Here are a few overarching interpretive observations that should help us navigate this series and these topics: 

  • The United States is not Israel, nor does the United States represent people of God today. The United States would be more accurately described as Babylon or Rome in terms of values and morality. We should keep this in mind as we reflect on what it means to live in a sinful society as the people of God. 
  • Christ-followers are the people of God. The people of God make up the kingdom of Christ. The kingdom of God is an overarching theme in this series and helpful for how we see our role as the church in the culture today. 
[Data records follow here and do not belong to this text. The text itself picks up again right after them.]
(* Let $x\in\mathbb{R}^n_{++}$ and $y\in\mathbb{R}^n_+$ with $D_h(x,y)<\infty$. Then $$y_{\min}\ge -x_{\min}\,W_0\!\left(-\exp\!\left(-1-\frac{D_h(x,y)}{x_{\min}}\right)\right),$$ where $x_{\min}=\min_i x_i$ and $y_{\min}=\min_i y_i$.
   Context: $D_h(x,y)=\sum_i\big(x_i\log\frac{x_i}{y_i}-x_i+y_i\big)$ (Bregman divergence of $h(x)=\sum_i x_i(\log x_i-1)$), which is $+\infty$ if some $y_i=0$. $W_0$ is the principal branch of the Lambert $W$ function. *)

From HB Require Import structures.
From mathcomp Require Import all_boot all_order all_algebra.
From mathcomp Require Import all_classical all_reals all_analysis.
Set Implicit Arguments. Unset Strict Implicit. Unset Printing Implicit Defensive.
Import Order.TTheory GRing.Theory Num.Theory.
Local Open Scope ring_scope.

(* Bregman divergence of h(x) = sum_i x_i (log x_i - 1), valued in \bar R:
   +oo when some y_i = 0. *)
Definition Dh (R : realType) (n : nat) (x y : 'I_n -> R) : \bar R :=
  if [forall i, y i != 0]
  then (\sum_(i < n) (x i * ln (x i / y i) - x i + y i))%:E
  else +oo%E.

Definition vmin (R : realType) (n : nat) (x : 'I_n.+1 -> R) : R :=
  \big[Order.min/x ord0]_(i < n.+1) x i.

(* Principal branch W_0 of the Lambert W function: for z >= -1/e, the unique
   w >= -1 with w * exp w = z (chosen by xget; default 0 off the domain). *)
Definition LambertW0 (R : realType) (z : R) : R :=
  xget 0 [set w : R | -1 <= w /\ w * expR w = z].

(* Let m = x_min and t = y_min = y_l.  If m <= t the bound follows from W_0 >= -1.
   Otherwise the single term of D_h(x,y) at index l already dominates
   m ln(m/t) - m + t, since a |-> a ln(a/t) - a is nondecreasing for a >= t.
   With u = t/m < 1 this reads exp(-1 - D_h/m) <= u e^(-u), i.e. the argument of
   W_0 is at least (-u) e^(-u); as w |-> w e^w is increasing on [-1, oo), this
   gives W_0(...) >= -u, that is -m W_0(...) <= t. *)
From mathcomp Require Import all_boot all_order all_algebra.
From mathcomp Require Import all_classical all_reals all_analysis.
From mathcomp Require Import lra ring.
Import Order.TTheory GRing.Theory Num.Theory.
Set Implicit Arguments. Unset Strict Implicit. Unset Printing Implicit Defensive.
Local Open Scope ring_scope.

Section BregmanTerm.
Variable R : realType.

Lemma bregman_term_ge0 (a c : R) : 0 < a -> 0 < c -> 0 <= a * ln (a / c) - a + c.
Proof.
move=> a0 c0.
have ca0 : 0 < c / a by rewrite divr_gt0.
have ln_ca : ln (c / a) <= c / a - 1.
  by have := @le_ln1Dx R (c / a - 1); rewrite addrCA subrr addr0; apply; lra.
have -> : a / c = (c / a)^-1 by rewrite invf_div.
rewrite lnV ?posrE // mulrN.
have : a * ln (c / a) <= a * (c / a - 1) by rewrite ler_pM2l.
rewrite mulrBr mulr1 mulrCA divff ?gt_eqF // mulr1; lra.
Qed.

Lemma bregman_term_mono (c a b : R) : 0 < c -> c <= a -> a <= b ->
  a * ln (a / c) - a <= b * ln (b / c) - b.
Proof.
move=> c0 ca ab.
have a0 : 0 < a by apply: lt_le_trans ca.
have b0 : 0 < b by apply: lt_le_trans ab.
have -> : b / c = b / a * (a / c) by rewrite mulrA divfK ?gt_eqF.
rewrite (@lnM R (b / a) (a / c)) ?posrE ?divr_gt0 // mulrDr.
have lnac : 0 <= ln (a / c) by rewrite ln_ge0 // ler_pdivlMr // mul1r.
have := bregman_term_ge0 b0 a0.
have : a * ln (a / c) <= b * ln (a / c) by rewrite ler_wpM2r.
lra.
Qed.

Lemma expR_bregman_bound (m t D : R) : 0 < m -> 0 < t ->
  m * ln (m / t) - m + t <= D -> expR (-1 - D / m) <= t / m * expR (- (t / m)).
Proof.
move=> m0 t0 bound.
have -> : t / m * expR (- (t / m)) = expR (ln (t / m) - t / m).
  by rewrite expRD lnK // posrE divr_gt0.
rewrite ler_expR.
have -> : ln (t / m) = - ln (m / t) by rewrite -lnV ?posrE ?divr_gt0 // invf_div.
have : (m * ln (m / t) - m + t) / m = ln (m / t) - 1 + t / m.
  by field; rewrite gt_eqF.
have : - (D / m) <= - ((m * ln (m / t) - m + t) / m).
  by rewrite lerN2 ler_pM2r ?invr_gt0.
lra.
Qed.

End BregmanTerm.

Lemma Dh_fin (R : realType) (n : nat) (x y : 'I_n -> R) : (Dh x y < +oo)%E ->
  (forall i, y i != 0) /\
  Dh x y = (\sum_(i < n) (x i * ln (x i / y i) - x i + y i))%:E.
Proof. by rewrite /Dh; case: ifP => [/forallP ? _ | //]; split. Qed.

Lemma bregman_term_le_Dh (R : realType) (n : nat) (x y : 'I_n -> R)
    (hx : forall i, 0 < x i) (hy : forall i, 0 <= y i) :
  (Dh x y < +oo)%E -> forall l, x l * ln (x l / y l) - x l + y l <= fine (Dh x y).
Proof.
move=> /Dh_fin [y0 ->] l /=.
rewrite (bigD1 l) //= lerDl; apply: sumr_ge0 => i _.
by apply: bregman_term_ge0; rewrite // lt0r y0 hy.
Qed.

Section VectorMinimum.
Variables (R : realType) (n : nat).

Lemma vmin_le (x : 'I_n.+1 -> R) i : vmin x <= x i.
Proof. exact: bigmin_le. Qed.

Lemma vmin_attained (x : 'I_n.+1 -> R) : exists k, vmin x = x k.
Proof.
apply: (big_ind (fun v => exists k, v = x k)); first by exists ord0.
- by move=> a b [k ->] [l ->]; rewrite minElt; case: ifP; [exists k | exists l].
- by move=> i _; exists i.
Qed.

End VectorMinimum.

Section LambertW.
Variable R : realType.

Lemma mulexpR_ltr (a b : R) : -1 <= a -> a < b -> a * expR a < b * expR b.
Proof.
move=> a1 ab.
have -> : expR a = expR (a - b) * expR b by rewrite -expRD subrK.
rewrite mulrA ltr_pM2r ?expR_gt0 //.
have [a0|a_lt0] := leP 0 a.
  apply: le_lt_trans (ab); rewrite -[leRHS]mulr1 ler_wpM2l // -expR0.
  by rewrite ler_expR subr_le0; apply: ltW.
have e_gt : 1 + (a - b) < expR (a - b).
  by apply: expR_gt1Dx; rewrite subr_eq0 lt_eqF.
have : a * expR (a - b) < a * (1 + (a - b)) by rewrite ltr_nM2l.
nra.
Qed.

Lemma LambertW0_ge_N1 (z : R) : -1 <= LambertW0 z.
Proof. by rewrite /LambertW0; case: xgetP => [w _ []|_] //; rewrite lerN10. Qed.

(* Off the domain z >= -1/e the junk value 0 is still >= -u. *)
Lemma LambertW0_ge (u z : R) : 0 <= u -> - u * expR (- u) <= z ->
  - u <= LambertW0 z.
Proof.
move=> u0 hz; rewrite /LambertW0; case: xgetP => [w _ [w1 hw]|_].
  rewrite leNgt; apply/negP => /(mulexpR_ltr w1); lra.
by rewrite oppr_le0.
Qed.

End LambertW.

Theorem lemmaB3 (R : realType) (n : nat) (x y : 'I_n.+1 -> R)
  (hx : forall i, 0 < x i) (hy : forall i, 0 <= y i)
  (hD : (Dh x y < +oo)%E) :
  vmin y >= - vmin x * LambertW0 (- expR (-1 - fine (Dh x y) / vmin x)).
Proof.
have [k hk] := vmin_attained x; have [l hl] := vmin_attained y.
set m := vmin x in hk *; set t := vmin y in hl *; set D := fine (Dh x y).
have m0 : 0 < m by rewrite hk.
have t0 : 0 < t by rewrite hl lt0r (Dh_fin hD).1 hy.
have W1 := LambertW0_ge_N1 (- expR (-1 - D / m)).
have [mt|tm] := leP m t; first nra.
set u := t / m.
have u_gt0 : 0 < u by rewrite divr_gt0.
have bound : m * ln (m / t) - m + t <= D.
  apply: le_trans (bregman_term_le_Dh hx hy hD l); rewrite -hl.
  by rewrite lerD2r; apply: bregman_term_mono (ltW tm) (vmin_le x l).
have expD := expR_bregman_bound m0 t0 bound.
have Wu : - u <= LambertW0 (- expR (-1 - D / m)).
  by apply: LambertW0_ge (ltW u_gt0) _; rewrite mulNr lerN2.
have t_eq : m * u = t by rewrite /u mulrCA divff ?gt_eqF // mulr1.
by rewrite -t_eq mulNr -mulrN ler_pM2l // lerNl.
Qed.
Lemma frob_contfrac_wronskian (N D : {poly F}) a :
    wronskian N D = a%:P -> a != 0 ->
  exists (q : seq {poly F}) (a' : F), [/\ (0 < size q)%N, a' != 0,
    (forall i, (0 < i < (size q).-1)%N -> (1 < size (nth 0%R q i))%N) &
    rpoly N / rpoly D = frob_contfrac p q a'].
Proof.
move=> hW ha; have hD0 := wronskian_const_neq0r hW ha.
have [hD1|hD1] := leqP (size D) 1.
  by have [Q [a' [ha' ->]]] := frob_contfrac_const hD1 hW ha; exists [:: Q], a'; split=> // -[].
have [Q0 [_ hWR ->]] := frob_contfrac_step hD1 hW ha.
have hna : - a != 0 by rewrite oppr_eq0.
have [q [a' [hq ha' hmid ->]]] :=
  frob_contfrac_wronskian_lt (leqnn _) (ltn_modpN0 N hD0) hWR hna.
exists (Q0 :: q), a'; split=> //; last by rewrite frob_contfrac_cons // -size_eq0 -lt0n.
by case=> [|i] //= hi; apply: hmid; rewrite ltn_predRL.
Qed.

End FrobeniusContfrac.

End RatFun.

Section ClosedField.
Variable F : closedFieldType.

Lemma rootfree_polyC (V : {poly F}) : (forall x, ~~ root V x) ->
  exists2 k, k != 0 & V = k%:P.
Proof.
move=> hV; have s1 : size V = 1%N.
  by apply/eqP/negPn/negP => /closed_rootP [x hx]; move: (hV x); rewrite hx.
exists (lead_coef V); first by rewrite lead_coef_eq0 -size_poly_eq0 s1.
by rewrite lead_coefE s1; apply: size1_polyC; rewrite s1.
Qed.

Lemma root0_polyXn (V : {poly F}) : (forall x, root V x -> x = 0) ->
  V = lead_coef V *: 'X^((size V).-1).
Proof.
move=> hV; have [r er] := closed_field_poly_normal V.
have r0 : r = nseq (size r) 0.
  apply/all_pred1P/allP => x hx; apply/eqP/hV.
  by rewrite er /root hornerZ (rootP (_ : root _ x)) ?mulr0 // root_prod_XsubC.
rewrite r0 big_nseq iter_mulr_1 subr0 in er.
have [->|hV0] := eqVneq V 0; first by rewrite lead_coef0 scale0r.
rewrite {1}er; congr (_ *: 'X^_).
by rewrite [in RHS]er size_scale ?lead_coef_eq0 // size_polyXn.
Qed.

Lemma wronskian_sigma_const n (N D : {poly F}) c :
    maxn (size N) (size D) = n.+1 -> (wronskian N D)`_((n + n).-2) != 0 ->
    (forall x, root (wronskian N D) x -> x = c) ->
  exists2 k, k != 0 &
    wronskian (revp n (N \Po ('X + c%:P))) (revp n (D \Po ('X + c%:P))) = k%:P.
Proof.
move=> hn hWm hroot; set W := wronskian N D; set m := (n + n).-2.
have hN : (size N <= n.+1)%N by rewrite -hn leq_maxl.
have hD : (size D <= n.+1)%N by rewrite -hn leq_maxr.
have hsW : size W = m.+1.
  have := size_wronskian hN hD; have : (m < size W)%N.
    by rewrite ltnNge; apply: contra hWm => h; rewrite nth_default.
  rewrite /m; set s := size W; lia.
have size_T : size ('X + c%:P) = 2 by rewrite size_XaddC.
set V := W \Po ('X + c%:P).
have hV : forall x, root V x -> x = 0.
  have hT x : ('X + c%:P).[x] = x + c by rewrite hornerD hornerX hornerC.
  move=> x; rewrite /root horner_comp hT => hx; have e := hroot _ hx.
  by apply: (addIr c); rewrite e add0r.
have hsV : size V = m.+1 by rewrite size_comp_poly2.
exists (- lead_coef V); first by rewrite oppr_eq0 lead_coef_eq0 -size_poly_eq0 hsV.
rewrite wronskian_revp ?size_comp_poly2 // wronskian_comp derivD derivX derivC addr0 mulr1.
by rewrite -/V [in LHS](root0_polyXn hV) hsV revpXn polyCN.
Qed.

End ClosedField.

Unset Implicit Arguments.

Theorem corollary1p2 (F : closedFieldType) (p : nat) (hp : p \in [pchar F])
    (phi : ratfun F) (c : option F)
    (hc : forall x : option F, critical phi x <-> x = c) :
  exists (q : seq {poly F}) (a : F),
    [/\ (0 < size q)%N, a != 0,
      (forall i, (0 < i < (size q).-1)%N -> (1 < size (nth 0%R q i))%N) &
      rcomp phi (sigma c) =
        contfrac (rcons [seq (q`_i \Po 'X^p) | i <- iota 0 (size q).-1]
                        ((last 0 q \Po 'X^p) + a *: 'X))].
Proof.
have [N [D [hD hND ephi]]] := ratfun_coprime phi; subst phi.
have root_crit x : root (wronskian N D) x -> Some x = c.
  by move=> hx; apply/hc/root_wronskian_critical.
suff [N2 [D2 [k [hk hW2 ->]]]] : exists N2 D2 k, [/\ k != 0, wronskian N2 D2 = k%:P &
    rcomp (rpoly N / rpoly D) (sigma c) = rpoly N2 / rpoly D2].
  by have [q [a [? ? ? ->]]] := frob_contfrac_wronskian hp hW2 hk; exists q, a.
case: c hc root_crit => [c|] hc root_crit; last first.
  have [k hk eW] : exists2 k, k != 0 & wronskian N D = k%:P.
    by apply: rootfree_polyC => x; apply/negP => /root_crit.
  by exists N, D, k; rewrite rcomp_z.
set n := (maxn (size N) (size D)).-1.
have hn : maxn (size N) (size D) = n.+1 by rewrite prednK // leq_max !size_poly_gt0 hD orbT.
have hWm : (wronskian N D)`_((n + n).-2) != 0 by apply: wronskian_top_coef => // /hc.
have [k hk hW2] := wronskian_sigma_const hn hWm (fun x hx => Some_inj (root_crit x hx)).
exists (revp n (N \Po ('X + c%:P))), (revp n (D \Po ('X + c%:P))), k; split=> //.
by rewrite rcomp_sigma // (rcomp_invz (n := n)) ?size_comp_poly2 ?size_XaddC ?comp_XaddC_eq0
  -?hn ?leq_maxl ?leq_maxr.
Qed.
  • We need both worldview (thinking) and worship (liturgies) to shape us cognitively and formatively as God’s people. Our orthodoxy (what we believe) and orthopraxy (what we do) must be informed and formed by Scripture. It will not be enough to think rightly about these issues. We need to be formed by biblical liturgies and spiritual disciplines to live faithfully as God’s people today. 
  • We must be active and intentional to know and articulate our worldview and practice Christian worship (liturgies). If we remain passive regarding the biblical worldview and worship, the secular and pagan liturgies driven by media, politics, education, entertainment, and social media will form us and our children/grandchildren to the prevailing values around us. Our recourse must be a commitment to thinking biblically and worshiping faithfully. 
  • The church must function as a place where the people of God can be rooted and fruitful. We must pray for sinners, share the gospel, speak up on these issues, vote, and engage society with our voices and actions. But we need to be aware that we may not be able to bring our values back from the immoral brink we’ve already crossed. We are watching the collision between unfettered sexual freedom and religions freedom. Whether or not we are able to affect change in our society, the church must remain a community of the King: Christ followers and Jesus worshipers. 
  • As the people of the Kingdom of Christ, we should have courage and confidence. The angel in Revelation 15 announces: “The kingdom of the world has become the kingdom of our Lord and of his Christ, and he shall reign forever and ever” (Rev. 11:15). We should be courageous for our King is the King. We should have confidence because no matter what happens in our culture and in our world, the kingdom of this world will become the Kingdom of our Lord. 

Join us in prayer and participation during this summer sermon series. May we remain faithful as the people of God in the Kingdom of Christ.